Sean's "fiancé" was clearly struggling mightily not to laugh as he put an arm around Sean and helped him to his feet.
"Are you drunk, sir?" demanded the cop.
"No, Officer, I am not," Sean repeated with dignity and a sway. He felt light-headed, less from the effects of rising from his prone position than from the nearness of the spandex-clad bicycle messenger, who maintained a supportive hold on him. "I am, however, in love, for the first time in my life. It's an amazing feeling, let me tell you. I highly recommend it if you haven't tried it. You have no idea what you're missing."
A small crowd had gathered by now, and a smattering of applause broke out at the end of Sean's declaration. He bowed. The police officer wasn't impressed, however. "Is this guy annoying you?" he asked the young man.
"No, Officer, he is not," came the unhesitating reply. "Not in the least."
"If you say so." He sounded dubious. "But if you ask me, before tying the knot I'd highly recommend introducing yourselves to each other." Shaking his head, the cop stalked off.
"Wise words from one of New York's finest," Sean observed sagely. "I shall take his advice. Fiancé, allow me to introduce myself: Sean Astin, former - as of today - Wall Street mover and shaker, now freed from the soulless shackles of corporate servitude and entirely at your service." He held out his hand.
The young man took it. "Elijah Wood, current full time bicycle messenger, never encumbered by the soulless shackles of corporate servitude and entirely at your service."
They solemnly shook hands, although the contact set off enough sparks to light up the entire New York City skyline and a goodly section of New Jersey, too.

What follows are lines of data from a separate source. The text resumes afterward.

(* Let $(X_1,X_2)$ be an extensible pair and let $\gamma\in\mathcal H_2$ with $|\gamma|_{(X_1,X_2)}=0$; put $l=\mathrm{ls}(\gamma)$, $r=\mathrm{rs}(\gamma)$. Then there exist integers $b_i$ ($1\le i\le l-1$), $c_i$ ($1\le i\le r-1$) and $s$ such that for all $k\ge l+r-d_1-d_2$, $$\gamma^{(k)}=\sum_{p\in Z_k,\ i(p)\le l-1}b_{i(p)}\alpha_p+\sum_{p\in Z_k,\ i(p)\ge l,\ \bar\imath(p)\ge r}s\,\alpha_p+\sum_{p\in Z_k,\ \bar\imath(p)\le r-1}c_{\bar\imath(p)}\alpha_p.$$
   Context: Marked Dynkin diagram $(X,\xi)$: Dynkin diagram of a symmetrizable generalized Cartan matrix $C(X)$ with distinguished node $\xi$; $\det X=\det C(X)$; $X(-1)$ is $X$ minus $\xi$ ($\det\emptyset=1$); $\Delta_X=\det X-\det X(-1)$. $(X_1,X_2)$ is an extensible pair if $\det X_i\ne0$, $\Delta_i:=\Delta_{X_i}\ne0$, $\gcd(\det X_i,\Delta_i)=1$ ($i=1,2$), $\gcd(\Delta_1,\Delta_2)=1$. $Z_k$ is obtained from the disjoint union of $X_1$, a path $A_k$ (nodes $1,\dots,k$) and $X_2$ by adding simple edges $\xi_1$—$1$ and $k$—$\xi_2$; $\omega_p,\alpha_p$ are fundamental weights and simple roots of $\mathfrak g(Z_k)$. Numberings: if $X$ has $d$ nodes, a numbering is a bijection $\epsilon:N(X)\to\{1,\dots,d\}$ with $\epsilon(\xi)=d$. $X(m)$ ($m\ge0$) is $X$ with a path of $m$ new nodes $\xi-1-\cdots-m$ attached at $\xi$, numbered by $j(p)=\epsilon(p)$ on $X$ and $j=d+t$ on the $t$-th new node; $\bar\omega^{(m)}$ is the fundamental weight of $\mathfrak g(X(m))$ at the node with $j=d+m$. For extensible $X$ ($\det X\ne0$, $\Delta_X\ne0$, $\gcd(\det X,\Delta_X)=1$) there is (by earlier work of Kleber and the author) a unique integer sequence $(a_i)_{i\ge1}$ with $-\Delta_X\omega_p-a_{j(p)}\bar\omega^{(m)}\in Q(X(m))$ for all $m\ge0$ with $\det X(m)\ne0$ and all $p\in X(m)$. Fix numberings $\epsilon_1,\epsilon_2$ of $X_1,X_2$ ($d_i$ nodes) with sequences $(a_i^{(1)}),(a_i^{(2)})$. On $Z_k$: $i(p)=\epsilon_1(p)$ on $X_1$, $i=d_1+t$ on the $t$-th node of $A_k$, $i(p)=d_1+d_2+k+1-\epsilon_2(p)$ on $X_2$; $\bar\imath(p)=\epsilon_2(p)$ on $X_2$, $\bar\imath=d_2+k+1-t$ on the $t$-th node of $A_k$, $\bar\imath(p)=d_1+d_2+k+1-\epsilon_1(p)$ on $X_1$. $\mathcal H_1$: finitely supported integer sequences $x=(x_1,x_2,\dots)$, $\ell(x)=\max\{i:x_i\ne0\}$; $\mathcal H_2=\mathcal H_1\times\mathcal H_1$. For $\gamma=(x,y)$: $\mathrm{ls}(\gamma)=\max(\ell(x),d_1)$, $\mathrm{rs}(\gamma)=\max(\ell(y),d_2)$, $\ell(\gamma)=\mathrm{ls}+\mathrm{rs}$, and for $k\ge\ell(\gamma)-d_1-d_2$, $\gamma^{(k)}=\sum_{p\in Z_k}(x_{i(p)}+y_{\bar\imath(p)})\omega_p$. Number of boxes: $|\gamma|_{(X_1,X_2)}=\Delta_2\sum_ix_ia_i^{(1)}-\Delta_1\sum_iy_ia_i^{(2)}$. *)

(* Integer matrices are given as functions nat -> nat -> int
   (0-based indices); a marked diagram with d nodes is given in the order of a
   numbering epsilon, so node with epsilon-number j is index j-1 and the
   distinguished node xi is index d-1. *)
From mathcomp Require Import all_boot all_order all_algebra.
Set Implicit Arguments. Unset Strict Implicit. Unset Printing Implicit Defensive.
Import Order.TTheory GRing.Theory Num.Theory.
Local Open Scope ring_scope.

Definition sqmx (n : nat) (A : nat -> nat -> int) : 'M[int]_n :=
  \matrix_(i < n, j < n) A i j.

Definition is_GCM (d : nat) (C : nat -> nat -> int) : Prop :=
  (forall i, (i < d)%N -> C i i = 2) /\
  (forall i j, (i < d)%N -> (j < d)%N -> i <> j -> C i j <= 0) /\
  (forall i j, (i < d)%N -> (j < d)%N -> (C i j = 0 <-> C j i = 0)).

Definition symmetrizable (d : nat) (C : nat -> nat -> int) : Prop :=
  exists eps : nat -> int, (forall i, (i < d)%N -> 0 < eps i) /\
    (forall i j, (i < d)%N -> (j < d)%N -> eps i * C i j = eps j * C j i).

Definition detX (d : nat) (C : nat -> nat -> int) : int := \det (sqmx d C).
(* det X(-1): X with the distinguished node (index d-1) removed; det of empty = 1 *)
Definition detXm1 (d : nat) (C : nat -> nat -> int) : int := \det (sqmx d.-1 C).
Definition DeltaX (d : nat) (C : nat -> nat -> int) : int := detX d C - detXm1 d C.

Definition extensible (d : nat) (C : nat -> nat -> int) : Prop :=
  detX d C != 0 /\ DeltaX d C != 0 /\ gcdz (detX d C) (DeltaX d C) = 1.

(* Cartan matrix of X(m): path xi - 1 - ... - m attached at xi (index d-1);
   the t-th new node has index d+t-1. *)
Definition extmx (d m : nat) (C : nat -> nat -> int) : nat -> nat -> int :=
  fun u v =>
    if (u < d)%N && (v < d)%N then C u v
    else if u == v then 2
    else if ((v == u.+1) && (d <= v)%N) || ((u == v.+1) && (d <= u)%N) then -1
    else 0.

(* Weights of g(Y) (Y with n nodes, Cartan matrix A) are integer vectors of
   coordinates in the fundamental weights; alpha_p = sum_q A q p omega_q
   (Kac convention a_{qp} = <alpha_p, h_q>). *)
Definition inQ (n : nat) (A : nat -> nat -> int) (w : nat -> int) : Prop :=
  exists c : nat -> int, forall q, (q < n)%N -> w q = \sum_(p < n) A q p * c p.

(* (a_i)_{i>=1} is the sequence attached to (X, epsilon):
   -Delta_X omega_p - a_{j(p)} omegabar^(m) in Q(X(m)) whenever det X(m) != 0 *)
Definition is_ext_seq (d : nat) (C : nat -> nat -> int) (a : nat -> int) : Prop :=
  forall m : nat, detX (d + m) (extmx d m C) != 0 ->
    forall j, (j < d + m)%N ->
      inQ (d + m) (extmx d m C)
        (fun q => - DeltaX d C * (q == j)%:R - a j.+1 * (q == (d + m).-1)%:R).

(* Cartan matrix of Z_k, nodes indexed by i(p)-1 (0-based), N = d1+k+d2.
   X1 occupies 0..d1-1 (in epsilon1 order), A_k occupies d1..d1+k-1,
   X2 occupies d1+k..N-1 with node of epsilon2-number e at index N-e.
   Simple edges join consecutive indices u, u+1 for d1-1 <= u <= d1+k-1
   (for k = 0 this is the single edge xi1 - xi2). *)
Definition Zmx (d1 d2 k : nat) (C1 C2 : nat -> nat -> int) : nat -> nat -> int :=
  fun u v =>
    let N := (d1 + k + d2)%N in
    if (u < d1)%N && (v < d1)%N then C1 u v
    else if (d1 + k <= u)%N && (d1 + k <= v)%N then C2 (N - u).-1 (N - v).-1
    else if u == v then 2
    else if ((v == u.+1) && (d1 <= v <= d1 + k)%N)
         || ((u == v.+1) && (d1 <= u <= d1 + k)%N) then -1
    else 0.

(* H_1: finitely supported integer sequences, represented by a list;
   x_i = nth 0 x (i-1) for i >= 1 *)
Definition xco (x : seq int) (i : nat) : int :=
  if i is i'.+1 then nth 0 x i' else 0.
(* l(x) = max { i : x_i <> 0 } (0 for the zero sequence) *)
Definition ellx (x : seq int) : nat :=
  \max_(i < size x | nth 0 x i != 0) i.+1.

Definition lsg (d1 : nat) (x : seq int) : nat := maxn (ellx x) d1.
Definition rsg (d2 : nat) (y : seq int) : nat := maxn (ellx y) d2.

(* gamma^(k): coefficient of omega at 0-based index u is x_{i} + y_{ibar}
   with i = u+1, ibar = N+1-i = N-u *)
Definition gammak (d1 d2 k : nat) (x y : seq int) : nat -> int :=
  fun u => xco x u.+1 + xco y (d1 + k + d2 - u)%N.

Definition boxes (Delta1 Delta2 : int) (a1 a2 : nat -> int) (x y : seq int) : int :=
  Delta2 * \sum_(i < size x) nth 0 x i * a1 i.+1
  - Delta1 * \sum_(i < size y) nth 0 y i * a2 i.+1.

(* Zero boxes and gcd(Delta_1, Delta_2) = 1 give Sum x_i a_i^(1) = Delta_1 t and
   Sum y_i a_i^(2) = Delta_2 t for one integer t.  On each side, the defining
   property of (a_i) puts -Delta (x + t omegabar) in the root lattice of X(m);
   as det X(m) = det X + m Delta is prime to Delta, so is x + t omegabar, with
   integer root coordinates b.  Cramer's rule shows that
   det X(m) (t - b_last) does not depend on m; since det X(m) grows linearly,
   b_last = t, and the recurrence 2 b_q = b_(q-1) + b_(q+1) along the chain then
   makes b constant equal to t from node l-1 on.  Gluing the coordinates of the
   two sides along this constant over A_k gives the coordinates of gamma^(k). *)

From mathcomp Require Import all_boot all_order all_algebra zify ring.
Set Implicit Arguments.
Unset Strict Implicit.
Unset Printing Implicit Defensive.
Import Order.TTheory GRing.Theory Num.Theory.
Local Open Scope ring_scope.

Ltac case_ifs := repeat (case: ifP => ?).
Lemma elliptic_bounds_of_phi_bounds x : 0 < x < 1 -> ln 4 < phi x < 8 / 5 ->
  2 * x * Kx x * (Kx x - Ex x) / (8 / 5 - / 2 * ln (1 - x))
    <= 2 * Ex x * Kx x - 2 * Ex x ^ 2 - x * (1 - x) * Kx x ^ 2
  /\ 2 * Ex x * Kx x - 2 * Ex x ^ 2 - x * (1 - x) * Kx x ^ 2
    <= 2 * x * Kx x * (Kx x - Ex x) / (ln 4 - / 2 * ln (1 - x)).
Proof.
  intros Hx Hphi; pose proof (phi_den_neg x Hx) as Hden.
  unfold phi in Hphi; unfold phi_den in Hden; rewrite Kx_ellK, Ex_ellE in * by lra.
  assert (Hln : / 2 * ln (1 - x) < ln 4).
  { assert (ln (1 - x) < 0) by (rewrite <- ln_1; apply ln_increasing; lra).
    assert (0 < ln 4) by (rewrite <- ln_1; apply ln_increasing; lra); lra. }
  apply div_bounds_of_shifted_ratio; [lra | exact Hln |].
  replace (2 * x * ellK x * (ellK x - ellE x)
           / (2 * ellE x * ellK x - 2 * ellE x ^ 2 - x * (1 - x) * ellK x ^ 2))
    with (2 * x * ellK x * (ellE x - ellK x)
          / (2 * ellE x ^ 2 - 2 * ellE x * ellK x + x * (1 - x) * ellK x ^ 2))
    by (field; lra).
  exact Hphi.
Qed.

Theorem mainTheorem10 :
  (forall x y : R, 0 < x -> x < y -> y < 1 -> phi y < phi x) /\
  (forall z : R, (exists x : R, 0 < x < 1 /\ phi x = z) <-> ln 4 < z < 8 / 5) /\
  (forall x : R, 0 < x < 1 ->
     2 * x * Kx x * (Kx x - Ex x) / (8 / 5 - / 2 * ln (1 - x))
       <= 2 * Ex x * Kx x - 2 * Ex x ^ 2 - x * (1 - x) * Kx x ^ 2
     /\ 2 * Ex x * Kx x - 2 * Ex x ^ 2 - x * (1 - x) * Kx x ^ 2
       <= 2 * x * Kx x * (Kx x - Ex x) / (ln 4 - / 2 * ln (1 - x))).
Proof.
  pose proof (lt_of_decreasing_converges_at_0 phi _ phi_decreasing phi_converges_at_0) as Hhi.
  pose proof (gt_of_decreasing_converges_at_1 phi _ phi_decreasing phi_converges_at_1) as Hlo.
  split; [exact phi_decreasing | split].
  - intros z; split.
    + intros [x [Hx <-]]; split; [apply Hlo | apply Hhi]; exact Hx.
    + apply surjective_of_converges;
        [exact continuity_pt_phi | exact phi_converges_at_0 | exact phi_converges_at_1].
  - intros x Hx; apply elliptic_bounds_of_phi_bounds; [exact Hx |].
    split; [apply Hlo | apply Hhi]; exact Hx.
Qed.
(* Let $g\in\mathcal{G}_0$ and let $(X,\Sigma,\mu)$ be a probability space. Let $\mathcal{P}$ be a finite measurable partition of $X$ containing a set $E$ with $0<\mu(E)<1$, and let $F\in\Sigma$. Then $$H(g,\mathcal{P})\ge H_F(g,\mathcal{P})-|g'_-(1/2)|-d_{\max},$$ where $g'_-(1/2)$ is the left derivative of $g$ at $1/2$ and $d_{\max}=\sup_{x,y\in[0,1]}|g(x)-g(y)|$.
   Context: $\mathcal{G}_0$ is the set of concave functions $g:[0,1]\to\mathbb{R}$ with $g(0)=\lim_{x\to0^+}g(x)=0$. $H(g,\mathcal{P})=\sum_{A\in\mathcal{P}}g(\mu(A))$. The $g$-entropy of $\mathcal{P}$ restricted to $F$ is $H_F(g,\mathcal{P})=\sum_{B\in\mathcal{P}}g(\mu(B\cap F))$. *)

From Stdlib Require Import Reals Lra List.
Open Scope R_scope.

Record sigma_algebra (X : Type) (S : (X -> Prop) -> Prop) : Prop := {
  sa_full  : S (fun _ => True);
  sa_compl : forall A, S A -> S (fun x => ~ A x);
  sa_union : forall A : nat -> X -> Prop,
      (forall n, S (A n)) -> S (fun x => exists n, A n x)
}.

(* (X, S, mu) is a probability space: mu is a countably additive
   probability measure on the sigma-algebra S (mu's values on
   non-measurable sets are irrelevant). *)
Record probability_space (X : Type) (S : (X -> Prop) -> Prop)
    (mu : (X -> Prop) -> R) : Prop := {
  ps_sigma : sigma_algebra X S;
  ps_nonneg : forall A, S A -> 0 <= mu A;
  ps_empty : mu (fun _ => False) = 0;
  ps_total : mu (fun _ => True) = 1;
  ps_countably_additive : forall A : nat -> X -> Prop,
      (forall n, S (A n)) ->
      (forall n m x, n <> m -> A n x -> A m x -> False) ->
      Un_cv (fun N => sum_f_R0 (fun n => mu (A n)) N)
            (mu (fun x => exists n, A n x))
}.

Definition finite_measurable_partition (X : Type) (S : (X -> Prop) -> Prop)
    (P : list (X -> Prop)) : Prop :=
  (forall A, In A P -> S A) /\
  (forall i j (d : X -> Prop) x, i <> j -> i < length P -> j < length P ->
       nth i P d x -> nth j P d x -> False)%nat /\
  (forall x, exists A, In A P /\ A x).

Definition concave_on_01 (g : R -> R) : Prop :=
  forall x y t, 0 <= x <= 1 -> 0 <= y <= 1 -> 0 <= t <= 1 ->
    t * g x + (1 - t) * g y <= g (t * x + (1 - t) * y).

"So," Elijah went on, "what do you say we get some ice cream and go sit down by the lake. Maybe hit the zoo after?"
"We can start discussing plans for our wedding, and then I'll propose to you at the zoo. Do you want the sea lions or the polar bears to be witnesses?" Sean asked.
"Do you mind if it's the penguins instead? They're my favorites."
"Not in the least," Sean said agreeably. "I discover within myself a sudden passion for penguins, and I don't know how I could have failed to see that they'll make the perfect witnesses to my proposal of marriage."
Elijah lost his ongoing struggle not to laugh, and said, "You are completely, totally batshit crazy, Sean Astin, you know that, don't you?"
"I can't promise it won't continue, Elijah. You seem to have that effect on me."
"I didn't say I minded," Elijah softly replied. He was no longer laughing.
"Then gather up your belongings, oh Bicycle Messenger Mine. The ice cream stand, not to mention the planning and proposing, awaits."
Elijah went to retrieve his bicycle and messenger bag. As he did, Sean noticed with his peripheral vision that an enterprising soul had gone after his gold wristwatch and was now lifting it from the bushes. Their eyes met.
You want it back?
Sean shook his head emphatically. It's all yours, my friend, he thought.